Why don't we switch to C like floating pointed arithmetic instead of automatic expansion to reals?

Johannes Pfau via Digitalmars-d digitalmars-d at puremagic.com
Sat Aug 6 05:09:45 PDT 2016


Am Sat, 6 Aug 2016 02:29:50 -0700
schrieb Walter Bright <newshound2 at digitalmars.com>:

> On 8/6/2016 1:21 AM, Ilya Yaroshenko wrote:
> > On Friday, 5 August 2016 at 20:53:42 UTC, Walter Bright wrote:
> >  
> >> I agree that the typical summation algorithm suffers from double
> >> rounding. But that's one algorithm. I would appreciate if you
> >> would review
> >> http://dlang.org/phobos/std_algorithm_iteration.html#sum to ensure
> >> it doesn't have this problem, and if it does, how we can fix it. 
> >
> > Phobos's sum is two different algorithms. Pairwise summation for
> > Random Access Ranges and Kahan summation for Input Ranges. Pairwise
> > summation does not require IEEE rounding, but Kahan summation
> > requires it.
> >
> > The problem with real world example is that it depends on
> > optimisation. For example, if all temporary values are rounded,
> > this is not a problem, and if all temporary values are not rounded
> > this is not a problem too. However if some of them rounded and
> > others are not, than this will break Kahan algorithm.
> >
> > Kahan is the shortest and one of the slowest (comparing with KBN
> > for example) summation algorithms.
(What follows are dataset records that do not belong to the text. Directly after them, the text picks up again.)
(* Let $P,Q\in\mathrm{Mat}_d(\mathbb{Z})$ be irreducible and let $p(x)\in\mathbb{Q}[x]$ be the characteristic polynomial of $P^{-1}Q$. Then $P,Q$ are coprime if and only if $c=|\det P|$ is the smallest positive integer such that $c\,p(x)\in \mathbb{Z}[x]$.
   Context: Irreducible: there are no non-trivial subspaces $U,V$ of $\mathbb{Q}^d$ of the same dimension (non-trivial meaning neither $\{0\}$ nor $\mathbb{Q}^d$) with $PU\subseteq V$ and $QU\subseteq V$; irreducible matrices are invertible over $\mathbb{Q}$. Coprime: there are no $R,S\in \mathrm{GL}_d(\mathbb{Q})$ with $0<|\det(R)\det(S)|<1$ such that $RPS,RQS\in\mathrm{Mat}_d(\mathbb{Z})$. *)

From HB Require Import structures.
From mathcomp Require Import all_boot all_order all_algebra.
Set Implicit Arguments. Unset Strict Implicit. Unset Printing Implicit Defensive.
Import Order.TTheory GRing.Theory Num.Theory.
Local Open Scope ring_scope.

Definition ratmx (d : nat) (P : 'M[int]_d) : 'M[rat]_d := map_mx intr P.

(* Subspaces of Q^d are represented as row spaces of d x d rational matrices
   (mxalgebra).  Q^d is viewed as column vectors; the image P U of the
   subspace spanned by the rows of U (read as column vectors) is the row
   space of U *m P^T. *)
Definition mx_irreducible (d : nat) (P Q : 'M[rat]_d) : Prop :=
  ~ exists U V : 'M[rat]_d,
      [/\ \rank U = \rank V, (0 < \rank U)%N, (\rank U < d)%N,
          (U *m P^T <= V)%MS & (U *m Q^T <= V)%MS].

Definition mx_integral (d : nat) (A : 'M[rat]_d) : Prop :=
  forall i j, A i j \is a Num.int.

Definition mx_coprime (d : nat) (P Q : 'M[rat]_d) : Prop :=
  ~ exists R S : 'M[rat]_d,
      [/\ R \in unitmx, S \in unitmx,
          0 < `|\det R * \det S| < 1,
          mx_integral (R *m P *m S) & mx_integral (R *m Q *m S)].

Definition least_int_clearing (c : nat) (p : {poly rat}) : Prop :=
  [/\ (0 < c)%N, c%:R *: p \is a polyOver Num.int &
      forall c' : nat, (0 < c')%N -> c'%:R *: p \is a polyOver Num.int ->
        (c <= c')%N].

From HB Require Import structures.
From mathcomp Require Import all_boot all_order all_algebra.
From mathcomp Require Import zify.
Import Order.TTheory GRing.Theory Num.Theory.
Set Implicit Arguments. Unset Strict Implicit. Unset Printing Implicit Defensive.
Local Open Scope ring_scope.

(* The pencil determinant f(x) = det(xP - Q) has integer coefficients, equals
   det(P) p(x) and has leading coefficient det P.  So |det P| fails to be the
   least integer clearing p exactly when some prime l divides every coefficient
   of f, i.e. when the pencil is singular modulo l.  Unimodular row and column
   operations (Smith normal form) bring a pencil that is singular over F_l to a
   form where X P Y and X Q Y vanish mod l on a common I x J block with
   |I| + |J| = d + 1; dividing the rows in I by l and multiplying the columns
   outside J by l keeps both integral and scales the determinant by 1/l, so
   P, Q are not coprime.  Conversely, if R P S and R Q S are integral with
   0 < |det R det S| < 1, then det(R) det(S) f is an integer polynomial whose
   leading coefficient det(R) det(S) det(P) is an integer of absolute value
   less than |det P| that clears p. *)

Section Pencil.
Variable R : comNzRingType.

Definition pencil n (M N : 'M[R]_n) : 'M[{poly R}]_n :=
  'X *: map_mx polyC M - map_mx polyC N.

Definition det_pencil n (M N : 'M[R]_n) : {poly R} := \det (pencil M N).

Lemma det_pencilM n (A M N B : 'M[R]_n) :
  det_pencil (A *m M *m B) (A *m N *m B) = (\det A * \det B)%:P * det_pencil M N.
Proof.
rewrite /det_pencil.
have -> : pencil (A *m M *m B) (A *m N *m B) =
         map_mx polyC A *m pencil M N *m map_mx polyC B.
  by rewrite /pencil mulmxBr mulmxBl -scalemxAr -scalemxAl !map_mxM.
by rewrite !det_mulmx !det_map_mx rmorphM mulrAC.
Qed.

Lemma det_pencil_lblock n1 n2 (M N : 'M[R]_(n1 + n2)) :
  ursubmx M = 0 -> ursubmx N = 0 ->
  det_pencil M N =
  det_pencil (ulsubmx M) (ulsubmx N) * det_pencil (drsubmx M) (drsubmx N).
Proof.
move=> M0 N0; rewrite /det_pencil /pencil -[M]submxK -[N]submxK M0 N0.
rewrite !map_block_mx scale_block_mx opp_block_mx add_block_mx !map_mx0.
by rewrite scaler0 subr0 det_lblock !block_mxKul !block_mxKdr.
Qed.

Lemma det_pencil0_mx11 (B : 'M[R]_1) : det_pencil 0 B = - (B 0 0)%:P.
Proof. by rewrite /det_pencil det_mx11 /pencil map_mx0 scaler0 sub0r !mxE. Qed.

End Pencil.

Lemma map_det_pencil (R S : comNzRingType) (f : {rmorphism R -> S}) n
    (M N : 'M[R]_n) :
  map_poly f (det_pencil M N) = det_pencil (map_mx f M) (map_mx f N).
Proof.
rewrite /det_pencil -det_map_mx; congr (\det _); apply/matrixP => i j.
by rewrite !mxE rmorphB /= rmorphM /= !map_polyC map_polyX.
Qed.

Section FieldPencil.
Variable F : fieldType.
The true story about Kahan, that
> > we may have it in Phobos, but we can use pairwise summation for
> > Input Ranges without random access, and it will be faster then
> > Kahan. So we don't need Kahan for current API at all.
> >
> > Mir has both Kahan, which works with 32-bit DMD, and pairwise,
> > witch works with input ranges.
> >
> > Kahan, KBN, KB2, and Precise summations is always use `real` or
> > `Complex!real` internal values for 32 bit X86 target. The only
> > problem with Precise summation, if we need precise result in double
> > and use real for internal summation, then the last bit will be
> > wrong in the 50% of cases.
> >
> > Another good point about Mir's summation algorithms, that they are
> > Output Ranges. This means they can be used effectively to sum
> > multidimensional arrays for example. Also, Precise summator may be
> > used to compute exact sum of distributed data.
> >
> > When we get a decision and solution for rounding problem, I will
> > make PR for std.experimental.numeric.sum.
> >  
> >> I hear you. I'd like to explore ways of solving it. Got any
> >> ideas?  
> >
> > We need to take the overall picture.
> >
> > It is very important to recognise that D core team is small and D
> > community is not large enough now to involve a lot of new
> > professionals. This means that time of existing one engineers is
> > very important for D and the most important engineer for D is you,
> > Walter.
> >
> > In the same time we need to move forward fast with language changes
> > and druntime changes (GC-less Fibers for example).
> >
> > So, we need to choose tricky options for development. The most
> > important option for D in the science context is to split D
> > Programming Language from DMD in our minds. I am not asking to
> > remove DMD as reference compiler. Instead of that, we can introduce
> > changes in D that can not be optimally implemented in DMD (because
> > you have a lot of more important things to do for D instead of
> > optimisation) but will be awesome for our LLVM-based or GCC-based
> > backends.
> >
> > We need 2 new pragmas with the same syntax as `pragma(inline, xxx)`:
> >
> > 1. `pragma(fusedMath)` allows fused mul-add, mul-sub, div-add,
> > div-sub operations. 2. `pragma(fastMath)` equivalents to [1]. This
> > pragma can be used to allow extended precision.
> >
> > This should be 2 separate pragmas. The second one may assume the
> > first one.
> >
> > Recent LDC beta has @fastmath attribute for functions, and it is
> > already used in Phobos ndslice.algorithm PR and its Mir's mirror.
> > Attributes are alternative for pragmas, but their syntax should be
> > extended, see [2]
> >
> > The old approach is separate compilation, but it is weird, low
> > level for users, and requires significant efforts for both small
> > and large projects.
> >
> > [1] http://llvm.org/docs/LangRef.html#fast-math-flags
> > [2] https://github.com/ldc-developers/ldc/issues/1669  
> 
> Thanks for your help with this.
> 
> Using attributes for this is a mistake. Attributes affect the
> interface to a function

This is not true for UDAs. LDC and GDC actually implement @attribute
as an UDA. And UDAs used in serialization interfaces, the std.benchmark
proposals, ... do not affect the interface either.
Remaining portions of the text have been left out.